Overview of the filtering process within the amr.watch workflow applied to public genomes of priority bacterial pathogens available in the International Nucleotide Sequence Database Collaboration (INSDC) databases. The genome data are filtered in a series of steps, depicted from left to right in the table, with the numbers in each column representing a subset of those from the previous column.

For the pathogens that are grouped together, we initially accept genomes annotated in the ENA with any of the corresponding taxonomy IDs from the same group and use the Speciator assignments in subsequent processing.

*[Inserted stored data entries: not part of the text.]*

Lemma ball_not_sigma_porous (E : set M) (c0 : M) (r0 : R) :
  X c0 -> 0 < r0 -> (forall z, X z -> d c0 z <= r0 -> E z) -> E `<=` X ->
  ~ sigma_porous_any X d E.
Proof.
move=> Xc0 r0_gt0 ballE EX [lam [lam_gt0 [lam_lt1 [F [Fpor EF]]]]].
have FX k : F k `<=` X by move=> x Fx; apply: EX; rewrite EF; exists k.
have step (kc : nat * (M * R)) : exists cr : M * R, X kc.2.1 -> 0 < kc.2.2 ->
    [/\ X cr.1, 0 < cr.2, d kc.2.1 cr.1 + cr.2 <= kc.2.2 &
     forall z, X z -> d cr.1 z <= cr.2 -> ~ F kc.1 z].
  case: kc => k [c r] /=.
  have [Xc|] := pselect (X c); last by exists (c, r).
  have [r_gt0|] := pselect (0 < r); last by exists (c, r).
  have [c' [r' ?]] :=
    @porous_ball_avoid lam (F k) c r lam_gt0 lam_lt1 (Fpor k) (FX k) Xc r_gt0.
  by exists (c', r').
have [next hnext] := choice step.
pose s := fix s n := if n is k.+1 then next (k, s k) else (c0, r0).
have s_ball k : X (s k).1 /\ 0 < (s k).2.
  by elim: k => [|k [Xk rk]] //=; have [] := hnext (k, s k) Xk rk.
have s_next k : d (s k).1 (s k.+1).1 + (s k.+1).2 <= (s k).2 /\
    forall z, X z -> d (s k.+1).1 z <= (s k.+1).2 -> ~ F k z.
  by have [Xk rk] := s_ball k; have [] := hnext (k, s k) Xk rk.
have s_steps k m : \sum_(0 <= j < m) d (s (k + j)%N).1 (s (k + j).+1).1
    <= (s k).2 - (s (k + m)%N).2.
  elim: m => [|m IH]; first by rewrite big_geq // addn0 subrr.
  rewrite big_nat_recr //= addnS; have [+ _] := s_next (k + m)%N; lra.
have [f [Xf sf]] : exists f, X f /\ forall k, d (s k).1 f <= (s k).2.
  apply: d_complete => [k|k m]; first exact: (s_ball k).1.
  by apply: le_trans (s_steps k m) _; rewrite gerBl ltW // (s_ball _).2.
have [k _ Fkf] : (\bigcup_k F k) f by rewrite -EF; exact: ballE (sf 0%N).
exact: (s_next k).2 f Xf (sf k.+1) Fkf.
Qed.

End SigmaPorosity.

Lemma cvgn_bounded_variation {R : realType} (u : nat -> R) (k : nat) (h : R) :
  (forall m, \sum_(0 <= j < m) `|u (k + j).+1 - u (k + j)%N| <= h) ->
  cvgn u /\ `|u k - limn u| <= h.
Proof.
move=> hb; pose du j := u (k + j).+1 - u (k + j)%N.
have cvg_du : cvgn [normed series du].
  apply: nondecreasing_is_cvgn.
    by apply: nondecreasing_series => j _; rewrite normr_ge0.
  by exists h => _ [m _ <-]; exact: hb.
have u_shift : (fun m => u (m + k)%N) = (fun m => u k + series du m).
  apply/funext; elim => [|m IH]; first by rewrite /series /= big_geq // addr0.
  rewrite /series /= big_nat_recr //= -/(series du m) addrA -IH /du.
  by rewrite addSn (addnC m) addrC subrK.
have cvg_u : u @ \oo --> u k + limn (series du).
  rewrite -(cvg_shiftn k) u_shift.
  by apply: cvgD; [exact: cvg_cst | exact: normed_cvg].
split; first by apply/cvg_ex; eexists; exact: cvg_u.
rewrite (cvg_lim _ cvg_u) // opprD addrA subrr add0r normrN.
apply: le_trans (lim_series_norm cvg_du) _.
by apply: limr_le => //; apply: nearW => m; exact: hb.
Qed.

Section Translation.
Context {R : realType}.
Local Notation mu := (@lebesgue_measure R).

Lemma measurable_addr (a : R) : measurable_fun setT (fun t : R => t + a).
Proof. by apply: measurable_funD => //; exact: measurable_cst. Qed.

Lemma ge0_integral_addr (a : R) (h : R -> \bar R) : measurable_fun setT h ->
  (forall t, 0 <= h t)%E -> (\int[mu]_t h (t + a)%R = \int[mu]_t h t)%E.
Proof.
move=> mh h0.
have maddr : measurable_fun (T:=measurableTypeR R) (U:=measurableTypeR R) setT
  (fun t => t + a) := measurable_addr a.
pose nu := measure_function_pushforward__canonical__measure_function_Measure mu maddr.
have mu_nu A : measurable A -> mu A = nu A.
  apply: lebesgue_measure_unique => _ [[x1 x2] _ <-].
  rewrite /nu /= /pushforward.
  have -> : (fun t : R => t + a) @^-1` `]x1, x2] = `]x1 - a, x2 - a]%classic.
    by apply/seteqP; split => t /=; rewrite !in_itv /= => /andP[? ?];
      apply/andP; split; lra.
  rewrite !lebesgue_measure_itv /= !lte_fin ltrBlDr subrK.
  by case: ifP => // _; rewrite -!EFinD; congr (_%:E); lra.
have := ge0_integral_pushforward maddr mu measurableT mh (fun t _ => h0 t).
rewrite preimage_setT => <-.
by apply: eq_measure_integral => A mA _; exact: (esym (mu_nu A mA)).
Qed.

End Translation.

Lemma iter_TwcE (R : realType) (w z : R -> R) (n : nat) (t : R) :
  iter n (Twc w) z t = (\prod_(1 <= k < n.+1) w (t + n%:R - k%:R)) * z (t + n%:R).
Proof.
elim: n t => [|n IH] t; first by rewrite big_geq // mul1r addr0.
rewrite iterS /Twc IH [in RHS]big_nat_recr //= mulrA [w t * _]mulrC.
congr (_ * _ * _).
- by apply: eq_bigr => k _; congr (w _); rewrite -natr1; lra.
- by congr (w _); lra.
- by rewrite -natr1; congr (z _); lra.
Qed.

Lemma measurable_iter_Twc (R : realType) (w z : R -> R) (n : nat) :
  measurable_fun setT w -> measurable_fun setT z ->
  measurable_fun setT (iter n (Twc w) z).
Proof.
move=> mw mz; elim: n => [|n IH] //=.
apply: measurable_funM; first exact: mw.
exact: measurableT_comp IH (measurable_addr 1).
Qed.

Section LpDistance.
Context {R : realType} {p : R}.
Hypothesis p_ge1 : 1 <= p.
Local Notation mu := (@lebesgue_measure R).
Local Notation "''N_p' [ f ]" := ('N[mu]_(p%:E)[EFin \o (f)%R])%E
  (format "''N_p' [ f ]").
Local Notation "''I_p' [ f ]" := (\int[mu]_x (`|(f)%R x| `^ p)%:E)%E
  (format "''I_p' [ f ]").

Let p_gt0 : 0 < p. Proof. exact: lt_le_trans p_ge1. Qed.
Let p_ge0 : 0 <= p. Proof. exact: ltW. Qed.
Let p_neq0 : p != 0. Proof. by rewrite gt_eqF. Qed.

Lemma measurable_powR_norm (f : R -> R) : measurable_fun setT f ->
  measurable_fun setT (fun x => (`|f x| `^ p)%:E).
Proof.
move=> mf; apply/measurable_EFinP.
by apply: (measurableT_comp (measurable_powR _)); exact: measurableT_comp.
Qed.

Lemma LnormE (f : R -> R) : 'N_p[f] = ('I_p[f] `^ p^-1)%E.
Proof. by rewrite unlock. Qed.

Lemma poweR_Lnorm_integral (f : R -> R) : ('N_p[f] `^ p)%E = 'I_p[f].
Proof. by rewrite poweR_Lnorm. Qed.

Lemma integral_powR_norm_ge0 (f : R -> R) : (0 <= 'I_p[f])%E.
Proof. by apply: integral_ge0 => x _; rewrite lee_fin powR_ge0. Qed.

Lemma Lnorm_le_norm {f g : R -> R} : measurable_fun setT f -> measurable_fun setT g ->
  (forall x, `|f x| <= `|g x|) -> ('N_p[f] <= 'N_p[g])%E.
Proof.
move=> mf mg fg; rewrite !LnormE; apply: gt0_ler_poweR.
- by rewrite invr_ge0.
- by rewrite in_itv /= leey andbT integral_powR_norm_ge0.
- by rewrite in_itv /= leey andbT integral_powR_norm_ge0.
apply: ge0_le_integral => //; try exact: measurable_powR_norm.
by move=> x _; rewrite lee_fin; apply: ge0_ler_powR; rewrite ?nnegrE.
Qed.

Lemma Lnorm_eq_norm {f g : R -> R} : measurable_fun setT f -> measurable_fun setT g ->
  (forall x, `|f x| = `|g x|) -> 'N_p[f] = 'N_p[g].
Proof.
by move=> mf mg fg; apply/le_anti/andP; split; apply: Lnorm_le_norm => // x; rewrite fg.
Qed.

Lemma Lp_measurable {f : R -> R} : Lp p f -> measurable_fun setT f.
Proof. by case. Qed.

Lemma Lp_Lnorm_fin_num {f : R -> R} : Lp p f -> 'N_p[f] \is a fin_num.
Proof. by case=> _ fp; rewrite ge0_fin_numE // Lnorm_ge0. Qed.

Lemma Lp_integral {f : R -> R} : measurable_fun setT f -> ('I_p[f] < +oo)%E -> Lp p f.
Proof. by move=> mf fp; split => //; rewrite LnormE; exact: poweR_lty. Qed.

Lemma Lp_integral_lty {f : R -> R} : Lp p f -> ('I_p[f] < +oo)%E.
Proof. by case=> _ fp; rewrite -poweR_Lnorm_integral; exact: poweR_lty. Qed.
Lemma det_coord_vec th e v w : det (coord_vec th e v) (coord_vec th e w) = e * det v w.
Proof.
  unfold det, coord_vec; simpl.
  transitivity (e * (fst v * snd w - snd v * fst w) * ((sin th)² + (cos th)²)).
  - unfold Rsqr; ring.
  - rewrite sin2_cos2; ring.
Qed.

Lemma norm_coord_vec th e v : e * e = 1 ->
  fst (coord_vec th e v) ^ 2 + snd (coord_vec th e v) ^ 2 = fst v ^ 2 + snd v ^ 2.
Proof.
  intros He. unfold coord_vec; simpl.
  transitivity ((fst v ^ 2 + snd v ^ 2) * ((sin th)² + (cos th)²) +
     (e * e - 1) * (- sin th * fst v + cos th * snd v) ^ 2).
  - unfold Rsqr; ring.
  - rewrite sin2_cos2, He; ring.
Qed.

(* Also valid when [b = 0], since then both sides are [0]. *)
Lemma Rdiv_mult_cancel_l k a b : k <> 0 -> (k * a) / (k * b) = a / b.
Proof.
  intros Hk. destruct (Req_dec b 0) as [-> | Hb].
  - rewrite Rmult_0_r. unfold Rdiv. rewrite Rinv_0. ring.
  - field; auto.
Qed.

Lemma tri_area_coord A th e P Q S : e * e = 1 ->
  tri_area (coord A th e P) (coord A th e Q) (coord A th e S) = tri_area P Q S.
Proof.
  intros He. unfold tri_area. rewrite !psub_coord, det_coord_vec, Rabs_mult.
  assert (Habs : Rabs e = 1)
    by (destruct (Rle_dec 0 e); [rewrite Rabs_right | rewrite Rabs_left]; nra).
  rewrite Habs. lra.
Qed.

Lemma line_inter_coord A th e P u Q v : e * e = 1 ->
  line_inter (coord A th e P) (coord_vec th e u) (coord A th e Q) (coord_vec th e v) =
  coord A th e (line_inter P u Q v).
Proof.
  intros He. unfold line_inter. rewrite psub_coord, !det_coord_vec, Rdiv_mult_cancel_l by nra.
  set (k := det (psub Q P) v / det u v).
  unfold padd, pscal, coord, coord_vec; simpl. f_equal; ring.
Qed.

Lemma line_inter_scale P u Q v c c' : c <> 0 -> c' <> 0 ->
  line_inter P (pscal c u) Q (pscal c' v) = line_inter P u Q v.
Proof.
  intros Hc Hc'. unfold line_inter.
  replace (det (psub Q P) (pscal c' v)) with (c' * det (psub Q P) v)
    by (unfold det, pscal; simpl; ring).
  replace (det (pscal c u) (pscal c' v)) with (c' * (c * det u v))
    by (unfold det, pscal; simpl; ring).
  rewrite Rdiv_mult_cancel_l by exact Hc'.
  destruct (Req_dec (det u v) 0) as [Hd | Hd].
  - rewrite Hd, Rmult_0_r. unfold Rdiv. rewrite !Rinv_0, !Rmult_0_r.
    unfold padd, pscal; simpl. f_equal; ring.
  - unfold padd, pscal; simpl. f_equal; field; auto.
Qed.

Lemma tri_area_origin x fx y fy : tri_area (0, 0) (x, fx) (y, fy) = Rabs (x * fy - fx * y) / 2.
Proof. unfold tri_area, det, psub; simpl. f_equal. f_equal. ring. Qed.
(* Let $H$ be a Hilbert space with norm $\|\cdot\|$, $A$ a positive definite selfadjoint operator on $H$, $\beta\in(0,1)$, $0=t_0<t_1<\dots<t_N=T$ a partition with $\kappa_0=t_1-t_0$, $U_0\in D(A)$, and $f:[0,T]\to H$. Let $\hat G$ be the continuous piecewise linear function (linear on each $[t_j,t_{j+1}]$) with $\hat G(0)=AU_0-f(0)$ and $\hat G(t_j)=0$ for $j=1,\dots,N$. Then there is a constant $C>0$ depending on $\beta$ such that for $t\in(\kappa_0,T]$ \[ \int_0^t (g_{\beta,t}(\tau))^{-1}\|\hat G(\tau)\|^2\,d\tau\leq C\|AU_0-f(0)\|^2\kappa_0^{1+\beta}, \] and \[ \int_0^t (t-\tau)^{\beta-1}\|\hat G(\tau)\|\,d\tau\leq\frac1\beta\|AU_0-f(0)\|\left(t^\beta-(t-\kappa_0)^\beta\right)\leq C\kappa_0\|AU_0-f(0)\|(t-\kappa_0)^{\beta-1}, \] where $g_{\beta,t}(\tau)=\frac{1}{\Gamma(1-\beta)}\left((t-\tau)^{-\beta}+\tau^{-\beta}\right)$. *)

From HB Require Import structures.
From mathcomp Require Import all_boot all_order all_algebra.
From mathcomp Require Import all_classical all_reals all_analysis.
Set Implicit Arguments. Unset Strict Implicit. Unset Printing Implicit Defensive.
Import Order.TTheory GRing.Theory Num.Theory.
Import numFieldNormedType.Exports.
Local Open Scope classical_set_scope.
Local Open Scope ring_scope.

Definition Gamma_fun (R : realType) (s : R) : R :=
  Rintegral (@lebesgue_measure R) `]0%R, +oo[%classic
    (fun x : R => x `^ (s - 1) * expR (- x)).

Definition g_bt (R : realType) (beta t tau : R) : R :=
  (Gamma_fun (1 - beta))^-1 * ((t - tau) `^ (- beta) + tau `^ (- beta)).

Definition is_inner_product (R : realType) (H : completeNormedModType R)
    (inner : H -> H -> R) : Prop :=
  [/\ (forall x y, inner x y = inner y x),
      (forall a x y z, inner (a *: x + y) z = a * inner x z + inner y z) &
      (forall x, inner x x = `|x| ^+ 2)].

Definition linear_op_on (R : realType) (H : completeNormedModType R)
    (D : set H) (A : H -> H) : Prop :=
  [/\ D 0,
      (forall a x y, D x -> D y -> D (a *: x + y)) &
      (forall a x y, D x -> D y -> A (a *: x + y) = a *: A x + A y)].

(* (A, D(A)) is a densely defined selfadjoint operator: A equals its adjoint, i.e. symmetric on D(A) and D(adjoint) is contained in D(A). *)

Definition selfadjoint (R : realType) (H : completeNormedModType R)
    (inner : H -> H -> R) (D : set H) (A : H -> H) : Prop :=
  [/\ linear_op_on D A,
      closure D = setT,
      (forall x y, D x -> D y -> inner (A x) y = inner x (A y)) &
      (forall y z, (forall x, D x -> inner (A x) y = inner x z) -> D y)].

Definition pos_def (R : realType) (H : completeNormedModType R)
    (inner : H -> H -> R) (D : set H) (A : H -> H) : Prop :=
  exists2 c : R, 0 < c & forall x, D x -> c * `|x| ^+ 2 <= inner (A x) x.

Definition time_partition (R : realType) (N : nat) (t : nat -> R) (T : R) : Prop :=
  [/\ (0 < N)%N, t 0%N = 0, (forall j, (j < N)%N -> t j < t j.+1) & t N = T].

Definition piecewise_linear (R : realType) (H : normedModType R)
    (N : nat) (t : nat -> R) (G : R -> H) : Prop :=
  forall j, (j < N)%N -> forall tau, t j <= tau <= t j.+1 ->
    G tau = ((t j.+1 - tau) / (t j.+1 - t j)) *: G (t j)
            + ((tau - t j) / (t j.+1 - t j)) *: G (t j.+1).

(* On [0, t_1] the function G is the hat (1 - tau / t_1) G(0), and it vanishes
   on [t_1, T]; so both integrands are supported in ]0, t_1], where
   |G| <= |G(0)|.  There 1 / g_{beta,t}(tau) <= Gamma(1 - beta) tau^beta
   <= Gamma(1 - beta) t_1^beta, which gives the first bound.  The second one is
   int_0^{t_1} (t - tau)^(beta - 1) dtau = (t^beta - (t - t_1)^beta) / beta, and
   this is at most t_1 (t - t_1)^(beta - 1) because the integrand increases in
   tau.  Hence C = Gamma(1 - beta) + 1 works; only Gamma(1 - beta) >= 0 is
   used. *)

From HB Require Import structures.
From mathcomp Require Import all_boot all_order all_algebra.
From mathcomp Require Import all_classical all_reals all_analysis.
From mathcomp Require Import ring lra measurable_realfun.
Import Order.TTheory GRing.Theory Num.Theory.
Import numFieldNormedType.Exports.
Local Open Scope classical_set_scope.
Local Open Scope ring_scope.

Section subr_powR.
Context {R : realType}.
Local Notation mu := (@lebesgue_measure R).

Pathogen	ENA entries (run accessions)	Illumina paired-end entries	Filtered entries¹	Entries with geotemporal data²	Entries available for download in SRA	Entries associated with unique samples³	Assembled genomes	Genomes with correct species	Genomes that passed QC	Genomes with collection date post-2010	Last updated
All Pathogens	1,819,286	1,605,699	1,547,862	929,769	926,887	892,220	858,842	836,019	814,212	748,900
A. baumannii	53,268	43,515	40,173	27,690	27,644	26,792	26,296	25,910	25,478	23,942	5/18/2026
C. coli	179,857	174,805	168,759	115,036	115,015	114,388	111,800	34,459	33,131	31,941	5/18/2026
C. jejuni	179,857	174,805	168,759	115,036	115,015	114,388	111,800	75,465	72,067	69,459	5/18/2026
E. cloacae complex	23,192	20,425	19,590	15,045	14,958	13,685	13,284	12,858	12,216	11,756	5/14/2026
E. faecium	46,420	44,340	42,839	27,034	27,019	25,916	25,707	25,446	25,091	23,842	5/14/2026
E. coli	662,946	553,325	538,925	314,604	313,060	301,356	290,991	251,266	247,123	227,492	5/18/2026
S. flexneri								14,404	13,974	13,193	5/18/2026
S. sonnei								16,595	16,131	15,151	5/18/2026
H. influenzae	19,253	17,689	17,558	8,679	8,679	8,380	7,645	7,627	7,460	6,844	5/14/2026
K. pneumoniae	143,039	125,543	115,275	86,655	86,211	80,209	76,619	72,269	70,341	68,234	5/19/2026
N. gonorrhoeae	84,562	80,433	79,876	53,647	53,646	50,342	47,166	46,759	44,596	43,542	5/14/2026
P. aeruginosa	91,162	66,249	60,970	32,786	32,775	31,610	29,581	29,167	28,217	26,498	5/18/2026
Salmonella Typhi	132,935	123,639	121,310	94,612	94,610	92,566	91,173	9,333	9,138	7,080	5/18/2026
Salmonella Typhimurium								28,466	27,736	25,551	5/18/2026
Salmonella Enteritidis								49,261	48,380	46,698	5/18/2026
S. aureus	191,258	172,949	163,809	95,537	95,073	91,177	86,609	85,139	82,695	70,925	5/18/2026
S. pneumoniae	191,394	182,787	178,778	58,444	58,197	55,799	51,971	51,595	50,438	36,752	5/14/2026

Entries (runs) are filtered to include only those with two FASTQ files, ≥20x mean coverage (via assessment of the "base_count" field) and those associated with a single sample accession.
Entries (runs) are filtered to include those with a collection date that is decodable to at least the year and a sampling location that is decodable to at least the country level.
Entries (runs) are filtered to ensure only one run per sample accession is included (selecting the run with the highest number of bases via assessment of the "base_count" field).